# О натуропатии



## maximillian (3 Фев 2012)

*О натуропатии и Как я лечил эфиопа от мигрени*

расскажу в кратце как это было.знакомый эфиоп да да самый настоящий,зная что я изучал натуропатию спросил-что бы я посоветовал ему.жаловался на частые мигрени и повышенное артериальное.ну я окинул его взглядом и что мне пришло в голову.1-эфиопы пьют много пива и добавляют много специй в еду.вспомнил как сам пробовал на себе разные препараты из магазина тэва и меня осенило надо ему посоветовать никузит-сбор трав для ленивых.расфасован в пакетики и заваривается как чай.

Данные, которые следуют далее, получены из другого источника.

Lemma simplex_delta_mx n (k : 'I_n) : simplex (delta_mx 0 k : 'rV[R]_n).
Proof.
split=> [i|]; first by rewrite mxE.
rewrite (bigD1 k) //= mxE !eqxx big1 ?addr0 // => j /negbTE njk.
by rewrite mxE njk andbF.
Qed.

Lemma nearest_simplex_coord_dist n (y p q : 'rV[R]_n) i :
  (forall q, simplex q -> enorm (p - y) <= enorm (q - y)) -> simplex q ->
  `|p ord0 i - q ord0 i| <= 2 * enorm (q - y).
Proof.
move=> p_min q_simplex.
have py := normr_coord_le_enorm (p - y) i; have qy := normr_coord_le_enorm (q - y) i.
rewrite !mxE in py qy.
have := ler_distD (y ord0 i) (p ord0 i) (q ord0 i).
rewrite (distrC (y ord0 i)); have := p_min q q_simplex; lra.
Qed.

End EuclideanSimplex.

Section Wasserstein.
Variables (R : realType) (V : finType) (d : V -> V -> R).
Hypothesis d_ge0 : forall u v, 0 <= d u v.

Lemma W1_le_cost (mu nu : V -> R) pi :
  coupling mu nu pi -> W1 d mu nu <= \sum_u \sum_v pi u v * d u v.
Proof.
move=> pi_coupling; apply: ge_inf; last by exists pi.
exists 0 => _ [pi' [[pi'_ge0 _ _] ->]].
by do 2 (apply: sumr_ge0 => ? _); apply: mulr_ge0.
Qed.

Lemma W1_mass_neq (mu nu : V -> R) :
  \sum_u mu u != \sum_v nu v -> W1 d mu nu = 0.
Proof.
move=> mass_neq; rewrite /W1 -inf0; congr inf; apply/seteqP; split=> // c.
move=> [pi [[_ pi_mu pi_nu] _]]; move: mass_neq.
under eq_bigr do rewrite -pi_mu; under [X in _ != X]eq_bigr do rewrite -pi_nu.
by rewrite exchange_big eqxx.
Qed.

Lemma sum_dirac_pt (y : V) : \sum_v dirac_pt y v = 1 :> R.
Proof.
rewrite (bigD1 y) //= big1 => [|v /negbTE nvy]; last by rewrite /dirac_pt nvy.
by rewrite /dirac_pt eqxx addr0.
Qed.

Lemma W1_dirac_le (mu : V -> R) y :
  (forall u, 0 <= mu u) -> \sum_u mu u = 1 ->
  W1 d mu (dirac_pt y) <= \sum_u mu u * d u y.
Proof.
move=> mu_ge0 mu_mass.
pose pi u v := mu u * dirac_pt y v.
have pi_coupling : coupling mu (dirac_pt y) pi.
  split=> [u v|u|v]; rewrite /pi.
  - by rewrite mulr_ge0 // /dirac_pt; case: ifP.
  - by rewrite -mulr_sumr sum_dirac_pt mulr1.
  - by rewrite -mulr_suml mu_mass mul1r.
suff <- : \sum_u \sum_v pi u v * d u v = \sum_u mu u * d u y by exact: W1_le_cost.
apply: eq_bigr => u _; rewrite (bigD1 y) //= big1 => [|v /negbTE nvy].
  by rewrite /pi /dirac_pt eqxx mulr1 addr0.
by rewrite /pi /dirac_pt nvy mulr0 mul0r.
Qed.

Hypothesis d_xx : forall u, d u u = 0.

*Никузит. Сбор трав, очищaющий организм от ядов и шлаков.*
Активные компонеиты: Крапива, отростки пшеницы, кожура цитрона (этрог), шалфей мускатный, зеленый чай, корень одуванчика, бессмертник, кукурузные рыльца, анютины глазки (фиалка), мята.нужно только придерживаться схемы по возрастающей.и что вы думаете?эфиоп таки и избавился от мигрени и с давлением всё тип топ-не знаю на долго ли......ну это уже как я говорю ваше тело ваше дело


*moderator:* Убедительная просьба ставить заглавные буквы в начале предложения, пробелы после знаков препинания. Соблюдайте Правила форума по созданию сообщений, в противном случае, они будут удаляться.


----------



## maximillian (4 Фев 2012)

Доктор Ступин написал(а):


> И расскажите нам, чем лечат натуропаты в Израиле и лицензируется ли это?
> И как учат, и кого и просим подробности. Очень интересно, правда.

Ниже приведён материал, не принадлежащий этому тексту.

(* Let $\Sigma=\{0,1,2,3\}$ and $L=\{0^k1^l2^m3^n\mid k,l,m,n\in\mathbb N_0,\ (l\ge2\text{ and }m\ge3)\text{ or }(l\ge3\text{ and }m\ge2)\}$. Then no DACA with time complexity $3$ (i.e., accepting every word of $L$ at some step $t<3$... more precisely, every $x\in L$ of length $n$ at some step $t< T(n)$ with $T\equiv3$) accepts $L$, whereas there is a one-sided $7/8$-error PACA with time complexity $3$ that accepts $L$.
   Context: A (bounded, one-dimensional) CA has state set $Q$, boundary symbol $\$\notin Q$, local transition function $\delta\colon Q_\$\times Q\times Q_\$\to Q$; on $s\in Q^n$, $\Delta(s)=\delta(\$,s_0,s_1)\cdots\delta(s_{n-2},s_{n-1},\$)$. A DACA has input alphabet $\Sigma\subseteq Q$ and accepting states $A\subseteq Q$; it accepts $x\in\Sigma^n$ iff $\Delta^t(x)\in A^n$ for some $t$; it has time complexity $T$ if every accepted $x$ of length $n$ satisfies $\Delta^t(x)\in A^n$ for some $t<T(n)$. A PACA is like a DACA but with two local transition functions $\delta_0,\delta_1$: at each step each cell independently tosses a fair coin $c$ and updates by $\delta_c$; a computation is accepting if at some step all cells are in $A$; time complexity $T$ means every accepting computation on an input of length $n$ first reaches $A^n$ at a step $<T(n)$. For $p\in[0,1)$, a one-sided $p$-error PACA for $L$ accepts every $x\in L$ with probability $\ge1-p$ and every $x\notin L$ with probability $0$. *)

From mathcomp Require Import all_boot all_order all_algebra.
Set Implicit Arguments. Unset Strict Implicit. Unset Printing Implicit Defensive.
Import Order.TTheory GRing.Theory Num.Theory.

Definition sym (k : nat) : 'I_4 := inord k.

Definition inL (x : seq 'I_4) : Prop :=
  exists k l m n : nat,
    x = nseq k (sym 0) ++ nseq l (sym 1) ++ nseq m (sym 2) ++ nseq n (sym 3)
    /\ ((2 <= l /\ 3 <= m) \/ (3 <= l /\ 2 <= m)).

Section CA.
Variable Q : finType.
(* The boundary symbol $ is represented by None : option Q. *)

Definition stepi (f : nat -> option Q -> Q -> option Q -> Q) (s : seq Q) : seq Q :=
  [seq f p.1 p.2.1.1 p.2.1.2 p.2.2
  | p <- zip (iota 0 (size s))
             (zip (zip (None :: map Some s) s) (rcons (behead (map Some s)) None))].

Definition Delta (delta : option Q -> Q -> option Q -> Q) : seq Q -> seq Q :=
  stepi (fun _ => delta).

Definition allA (A : {set Q}) (s : seq Q) : bool := all (fun q => q \in A) s.

Definition daca_accepts (inp : 'I_4 -> Q) (delta : option Q -> Q -> option Q -> Q)
  (A : {set Q}) (x : seq 'I_4) : Prop :=
  exists t, allA A (iter t (Delta delta) (map inp x)).

Definition daca_time (inp : 'I_4 -> Q) (delta : option Q -> Q -> option Q -> Q)
  (A : {set Q}) (T : nat -> nat) : Prop :=
  forall x : seq 'I_4, daca_accepts inp delta A x ->
    exists t, t < T (size x) /\ allA A (iter t (Delta delta) (map inp x)).

Definition daca_recognizes (inp : 'I_4 -> Q) (delta : option Q -> Q -> option Q -> Q)
  (A : {set Q}) (Lang : seq 'I_4 -> Prop) : Prop :=
  forall x : seq 'I_4, x != [::] -> (daca_accepts inp delta A x <-> Lang x).

(* coins j i = coin tossed by cell i in the update leading from step j to j+1. *)
Fixpoint paca_run (d0 d1 : option Q -> Q -> option Q -> Q) (coins : nat -> nat -> bool)
  (s : seq Q) (t : nat) : seq Q :=
  match t with
  | 0 => s
  | t'.+1 => stepi (fun i => if coins t' i then d1 else d0) (paca_run d0 d1 coins s t')
  end.

Definition paca_time (inp : 'I_4 -> Q) (d0 d1 : option Q -> Q -> option Q -> Q)
  (A : {set Q}) (T : nat -> nat) : Prop :=
  forall (x : seq 'I_4) (coins : nat -> nat -> bool) (t : nat),
    allA A (paca_run d0 d1 coins (map inp x) t) ->
    exists t', t' < T (size x) /\ allA A (paca_run d0 d1 coins (map inp x) t').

в израиле за последние 20 лет натуропатия очень даже продвинулась.в каждом городе магазины тэва(природные продукты питания и различные препараты не подвергшиеся химической обработке)появились частные клиники.мне бы не хотелось развивать эту тему здесь на форуме................могу порекомендовать прочесть книгу михаэля горена израильского натуропата.меня эта книга вдохновила........людям отчаившимся и потерявшим всякую надежду на изличение и веру в врачей эта книга может помочь


----------



## gudkov (5 Фев 2012)

maximillian написал(а):


> в каждом городе магазины тэва(природные продукты питания и различные препараты не подвергшиеся химической обработке)



Это типа магазинов для веган? С "природными продуктами"?))))) Впечатляет, ничего не скажешь))))


----------



## Доктор Ступин (6 Фев 2012)

> я окинул его взглядом и что мне пришло в голову.1-эфиопы пьют много пива и добавляют много специй в еду.вспомнил как сам пробовал на себе разные препараты из магазина тэва и меня осенило надо ему посоветовать никузит-сбор трав для ленивых.расфасован в пакетики и заваривается как чай.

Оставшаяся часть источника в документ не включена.